De modo que todos terminan levantado el arma sólo para dispararse a sus propios pies. Ante tal queja, mi táctica es cambiar de tema. No es que no me importe. Pero antes he de mirar por mi supervivencia. Mi vida ha experimentado sequía tras sequía e inundación tras inundación. Estoy harta de malas noticias.

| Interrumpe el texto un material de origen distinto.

Lemma excess_quadratic_step K th t h :
  (forall i t, (i < N)%nat -> 0 <= t -> Rabs (rhs N s alpha x i t) <= K) ->
  (forall i, (i < N)%nat -> - s i <= th <= s i) -> t0 <= t -> 0 <= h ->
  excess_at th (t + h) <= excess_at th t + (INR N * INR N * amax * K) * h * h.
Proof.
  intros HK Hth Ht Hh.
  set (g := fun i => if Rle_dec th (x i (t + h)) then 1 else 0).
  assert (Hconvex : excess_at th (t + h) <= excess_at th t + rsum (fun i => g i * (x i (t + h) - x i t)) N).
  { unfold excess. rewrite <- rsum_plus. apply rsum_le. intros i Hi. unfold g, Rmax.
    destruct (Rle_dec th (x i (t + h))); destruct_Rle; lra. }
  destruct (weighted_increment g t (t + h) ltac:(lra)) as [Hex Hint]. rewrite Hint in Hconvex.
  enough (RInt (fun τ => flux g τ) t (t + h) <= (t + h - t) * (INR N * INR N * amax * K * h)) by lra.
  apply RInt_le_const; [lra | exact Hex |].
  intros τ Hτ. now apply flux_above_bound.
Qed.

Lemma excess_nonincreasing th t1 t2 : (forall i, (i < N)%nat -> - s i <= th <= s i) ->
  t0 <= t1 <= t2 -> excess_at th t2 <= excess_at th t1.
Proof.
  intros Hth Ht. destruct rhs_bounded as [K [HK0 HK]].
  apply (nonincreasing_of_quadratic_step (fun t => excess_at th t) t0 (INR N * INR N * amax * K));
    [| intros; now apply excess_quadratic_step | exact Ht].
  pose proof (pos_INR N). repeat apply Rmult_le_pos; lra.
Qed.

Lemma excess_converges th : (forall i, (i < N)%nat -> - s i <= th <= s i) ->
  exists h, tends_at_infty (fun t => excess_at th t) h.
Proof.
  intros Hth. apply (tends_of_nonincreasing _ t0 0).
  - intros; now apply excess_nonincreasing.
  - intros; apply excess_nonneg.
Qed.

(* The limits [h k] of the excess at the thresholds [a + k dl] have first differences in
   [[0, N dl]]; over [2N + 1] consecutive second differences one of them is below [dl / 2],
   while an agent near the middle threshold forces the second difference up to [dl / 2]. *)
Lemma eventually_empty_band a d : a < d -> (forall i, (i < N)%nat -> - s i <= a /\ d <= s i) ->
  exists a' d', a <= a' < d' /\ d' <= d /\
    near_infty (fun t => forall i, (i < N)%nat -> ~ (a' <= x i t <= d')).
Proof.
  intros Had Hlev.
  set (M := (2 * N + 2)%nat).
  assert (HM : 0 < INR M) by (apply lt_0_INR; unfold M; lia).
  set (dl := (d - a) / INR M).
  assert (Hdl : 0 < dl) by (apply Rdiv_lt_0_compat; lra).
  set (th := fun k : nat => a + INR k * dl).
  assert (thS : forall k, th (S k) = th k + dl) by (intros; unfold th; rewrite S_INR; ring).
  assert (thM : th M = d) by (unfold th, dl; field; lra).
  assert (Hrange : forall k, (k <= M)%nat -> a <= th k <= d).
  { intros k Hk. apply le_INR in Hk. pose proof (pos_INR k). rewrite <- thM. unfold th. nra. }
  assert (Hth : forall k, (k <= M)%nat -> forall i, (i < N)%nat -> - s i <= th k <= s i).
  { intros k Hk i Hi. destruct (Hlev i Hi). destruct (Hrange k Hk). lra. }
  destruct (choice (fun k h => (k <= M)%nat -> tends_at_infty (fun t => excess_at (th k) t) h))
    as [h Hh].
  { intros k. destruct (Compare_dec.le_lt_dec k M) as [Hk | Hk].
    - destruct (excess_converges (th k) (Hth k Hk)) as [hk Hhk]. now exists hk.
    - exists 0. intros; lia. }
  destruct (second_difference_small h N dl Hdl) as [k [Hk Hsmall]].
  - enough (h 0%nat <= h 1%nat + INR N * dl) by lra.
    apply (tends_at_infty_le _ _ _ _ _ (Hh 0%nat ltac:(lia)) (Hh 1%nat ltac:(unfold M; lia))).
    exists 0. intros t _. pose proof (excess_lipschitz N (fun i => x i t) (th 0%nat) (th 1%nat)).
    rewrite thS in *. lra.
  - replace (2 * N + 2)%nat with (S (2 * N + 1)) by lia.
    replace (h (2 * N + 1)%nat) with (h (2 * N + 1)%nat + 0) by ring.
    apply (tends_at_infty_le _ _ _ _ _ (Hh (S (2 * N + 1)) ltac:(unfold M; lia))
             (Hh (2 * N + 1)%nat ltac:(unfold M; lia))).
    exists 0. intros t _. rewrite Rplus_0_r, thS. apply excess_antitone. lra.
  - exists (th (S k) - dl / 2), (th (S k) + dl / 2).
    pose proof (Hrange k ltac:(lia)). pose proof (Hrange (S (S k)) ltac:(unfold M; lia)).
    rewrite !thS in *. repeat split; try lra.
    destruct (tends_at_infty_near _ _ (dl / 2 - (h k - 2 * h (S k) + h (S (S k)))) 
                (tends_at_infty_second_difference _ _ _ _ _ _ (Hh k ltac:(lia))
                   (Hh (S k) ltac:(lia)) (Hh (S (S k)) ltac:(unfold M; lia))) ltac:(lra)) as [T HT].
    exists T. intros t Ht i Hi Hin.
    pose proof (excess_second_difference_ge N (fun i => x i t) (th k) dl i Hdl Hi ltac:(lra)).
    specialize (HT t Ht). rewrite !thS in HT.
    replace (th k + 2 * dl) with (th k + dl + dl) in * by ring. lra.
Qed.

En su espionaje ella se ha concentrado en dos mujeres. Dos con las que se compara y a las que envidia en secreto. Dos que no tienen ninguna posibilidad de ser sus amigas, sino enemigas. Una tiene talento y no es muy agraciada. Es la mujer del primer ministro Chu En-lai, Deng Yin-chao. La otra es Wang Guan-lei, la mujer del vicepresidente Liu. Hermosa y con talento, es la que más inquieta a la señora Mao. El hecho de que ambas sean adoradas por sus maridos le molesta. No soporta ver cómo el primer ministro Chu besa a Deng Yin-chao antes de irse de viaje, y cómo el vicepresidente Liu no pierde de vista a Wang Guang-mei en las fiestas. Lo vive como una humillación.